Saturday, February 12, 2011

Me vs. The World

I've been thinking a lot about what it is about relationships that have ended like the last two that irritates/hurts/confuses me the most. I think it's how you can share intimate moments with someone and then just completely cut them out of your life like they never existed. It's just beyond me how you can claim to care for someone, even love them, and then, as the old expression goes, "drop them like a hot potato."

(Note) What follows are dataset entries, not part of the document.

Lemma fm_elim_le d r : 0 <= r -> (forall i, dot (a i) d <= r) ->
  forall k, dot (fm_elim a k) (vtail d) <= r.
Proof.
move=> r0 ad [i|[p q]] /=.
  case: eqP => [ai0|_]; last by rewrite dot0l.
  by have := ad i; rewrite dot_recl ai0 mul0r add0r.
case: andP => [[p0 q0]|_]; last by rewrite dot0l.
have := ad p; have := ad q; rewrite !dot_recl dot_fm_pair.
set X := dot (vtail (a p)) _; set Y := dot (vtail (a q)) _ => hq hp.
have pq0 : 0 < a p ord0 - a q ord0 by rewrite subr_gt0 (lt_trans q0).
by rewrite ler_pdivrMr //; nra.
Qed.

Lemma fm_cut_mono c p q : (forall k, dot (fm_elim a k) c <= 0) ->
  0 < a p ord0 -> a q ord0 < 0 -> fm_cut (a q) c <= fm_cut (a p) c.
Proof.
move=> ac p0 q0; have := ac (inr (p, q)); rewrite /= p0 q0 /= dot_fm_pair.
have pq0 : 0 < a p ord0 - a q ord0 by rewrite subr_gt0 (lt_trans q0).
rewrite pmulr_lle0 ?invr_gt0 // /fm_cut.
set X := dot (vtail (a p)) c; set Y := dot (vtail (a q)) c => h.
by rewrite ler_ndivrMr // mulrAC ler_pdivrMr //; nra.
Qed.

Lemma fm_vcons_le c t : (forall k, dot (fm_elim a k) c <= 0) ->
    (forall q, a q ord0 < 0 -> fm_cut (a q) c <= t) ->
    (forall p, 0 < a p ord0 -> t <= fm_cut (a p) c) ->
  forall i, dot (a i) (vcons t c) <= 0.
Proof.
move=> ac qt tp i; rewrite dot_vcons; rewrite /fm_cut in qt tp.
have [ai0|ai0|ai0] := ltgtP (a i ord0) 0.
- by have := qt i ai0; rewrite ler_ndivrMr //; lra.
- by have := tp i ai0; rewrite ler_pdivlMr //; lra.
- by have := ac (inl i); rewrite /= ai0 eqxx mul0r add0r.
Qed.

End Elimination.
Lemma DP_tests_succ_le n eps delta phi x :
  DP_tests n eps delta phi -> (x < n)%nat ->
  phi (S x) <= dp_next (exp (- eps)) delta (phi x).
Proof.
  intros [Htest Hdp] Hx. destruct (Hdp x Hx) as (_ & D2 & D3 & _).
  apply dp_next_spec; [apply Htest; lia | tauto].
Qed.

Lemma DP_tests_of_monotone n eps delta phi : 0 < eps -> 0 <= delta ->
  is_test n phi ->
  (forall x, (x < n)%nat -> phi x <= phi (S x) <= dp_next (exp (- eps)) delta (phi x)) ->
  DP_tests n eps delta phi.
Proof.
  intros Heps Hdelta Htest Hstep. split; [exact Htest|].
  intros x Hx. destruct (Hstep x Hx) as [Hmono Hnext].
  assert (He : 1 <= exp eps) by (rewrite <- exp_0; left; apply exp_increasing; lra).
  pose proof (Htest x ltac:(lia)). pose proof (Htest (S x) ltac:(lia)).
  apply dp_next_spec in Hnext; [|lra].
  repeat split; try tauto; nra.
Qed.

Lemma nearest_spec t : IZR (nearest t) - 1/2 <= t <= IZR (nearest t) + 1/2.
Proof.
  unfold nearest. pose proof (base_Int_part t) as [H1 H2].
  destruct (Rlt_dec _ _); [lra|].
  destruct (Rlt_dec _ _); [rewrite plus_IZR; lra|].
  destruct (Z.even _); [lra | rewrite plus_IZR; lra].
Qed.

Lemma IZR_dist_le1 k j : -1 <= IZR k - IZR j <= 1 ->
  k = j \/ k = (j + 1)%Z \/ j = (k + 1)%Z.
Proof.
  intros [H1 H2]. rewrite <- minus_IZR in H1, H2.
  apply le_IZR in H1. apply le_IZR in H2. lia.
Qed.

Lemma nearest0 : nearest 0 = 0%Z.
Proof.
  pose proof (nearest_spec 0) as H.
  assert (IZR (nearest 0) < IZR 1) by (simpl; lra).
  assert (IZR (-1) < IZR (nearest 0)) by (simpl; lra).
  apply lt_IZR in H0. apply lt_IZR in H1. lia.
Qed.

Section tulap.

Variable b : R.
Hypothesis b_pos : 0 < b.
Hypothesis b_lt1 : b < 1.

(* The branch x <= [m] of the Tulap(0, b, 0) cdf, with the nearest integer [t]
   replaced by any integer r with |t - r| <= 1/2. *)
Definition tulap_tail (t r : R) : R :=
  Rpower b (- r) / (1 + b) * (b + (t - r + 1/2) * (1 - b)).

Lemma Rpower_opp_succ r : Rpower b (- (r + 1)) = Rpower b (- r) / b.
Proof.
  replace (- (r + 1)) with (- r + - (1)) by ring.
  rewrite Rpower_plus, (Rpower_Ropp b 1), Rpower_1 by lra. reflexivity.
Qed.

Lemma tulap_tail_succ t r : tulap_tail (t + 1) (r + 1) = tulap_tail t r / b.
Proof. unfold tulap_tail. rewrite Rpower_opp_succ. field. lra. Qed.

Lemma tulap_tail_pred t r : tulap_tail (t - 1) (r - 1) = b * tulap_tail t r.
Proof.
  replace (tulap_tail t r) with (tulap_tail (t - 1 + 1) (r - 1 + 1)) by (f_equal; ring).
  rewrite tulap_tail_succ. field. lra.
Qed.

Lemma tulap_tail_midpoint r : tulap_tail (r + 1/2) (r + 1) = tulap_tail (r + 1/2) r.
Proof. unfold tulap_tail. rewrite Rpower_opp_succ. field. lra. Qed.

Lemma tulap_tail_indep t k j :
  IZR k - 1/2 <= t <= IZR k + 1/2 -> IZR j - 1/2 <= t <= IZR j + 1/2 ->
  tulap_tail t (IZR k) = tulap_tail t (IZR j).
Proof.
  intros Hk Hj. destruct (IZR_dist_le1 k j) as [->|[->| ->]]; [lra | reflexivity | |].
  - rewrite plus_IZR in *. replace t with (IZR j + 1/2) by lra.
    apply tulap_tail_midpoint.
  - rewrite plus_IZR in *. replace t with (IZR k + 1/2) by lra.
    symmetry. apply tulap_tail_midpoint.
Qed.

Lemma tulap0_cdf_nonpos t k : t <= 0 -> IZR k - 1/2 <= t <= IZR k + 1/2 ->
  tulap0_cdf 0 b t = tulap_tail t (IZR k).
Proof.
  intros Ht Hk. unfold tulap0_cdf. rewrite nearest0. simpl IZR.
  destruct (Rle_dec t 0); [|lra]. rewrite Rminus_0_r.
  apply (tulap_tail_indep t (nearest t) k (nearest_spec t) Hk).
Qed.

Are people really this detached from emotion? Yes, I have cut people out of my life on many occasions, but it was always immensely painful, regardless of what they did to me to deserve to get the boot. And I rarely have been able to just throw the killswitch to relationships (friendships & romantic relationships included) and cease all communication. I'm just not that kind of person. When someone becomes a part of my life, I pretty much hope they'll stay there in some capacity forever. I'm friends with almost all of my exes, which is strange for some people, but it's just something I've always been able to handle...after enough time goes by to allow me to adequately heal from the departure.

I love more deeply than most, which means when I get hurt, I hurt more deeply than most. It's a blessing and a curse, but I would rather hurt more knowing that I loved greatly than to go through life with such a coldness or a skewed perception of emotion that I am capable of just letting someone go at the drop of a hat.

Someone is out there who will allow me to lay all my cards out on the table and who will then lay out all of his, let me into his world, be ready to love, and allow me to love him like he's never been loved before. He exists. Somewhere.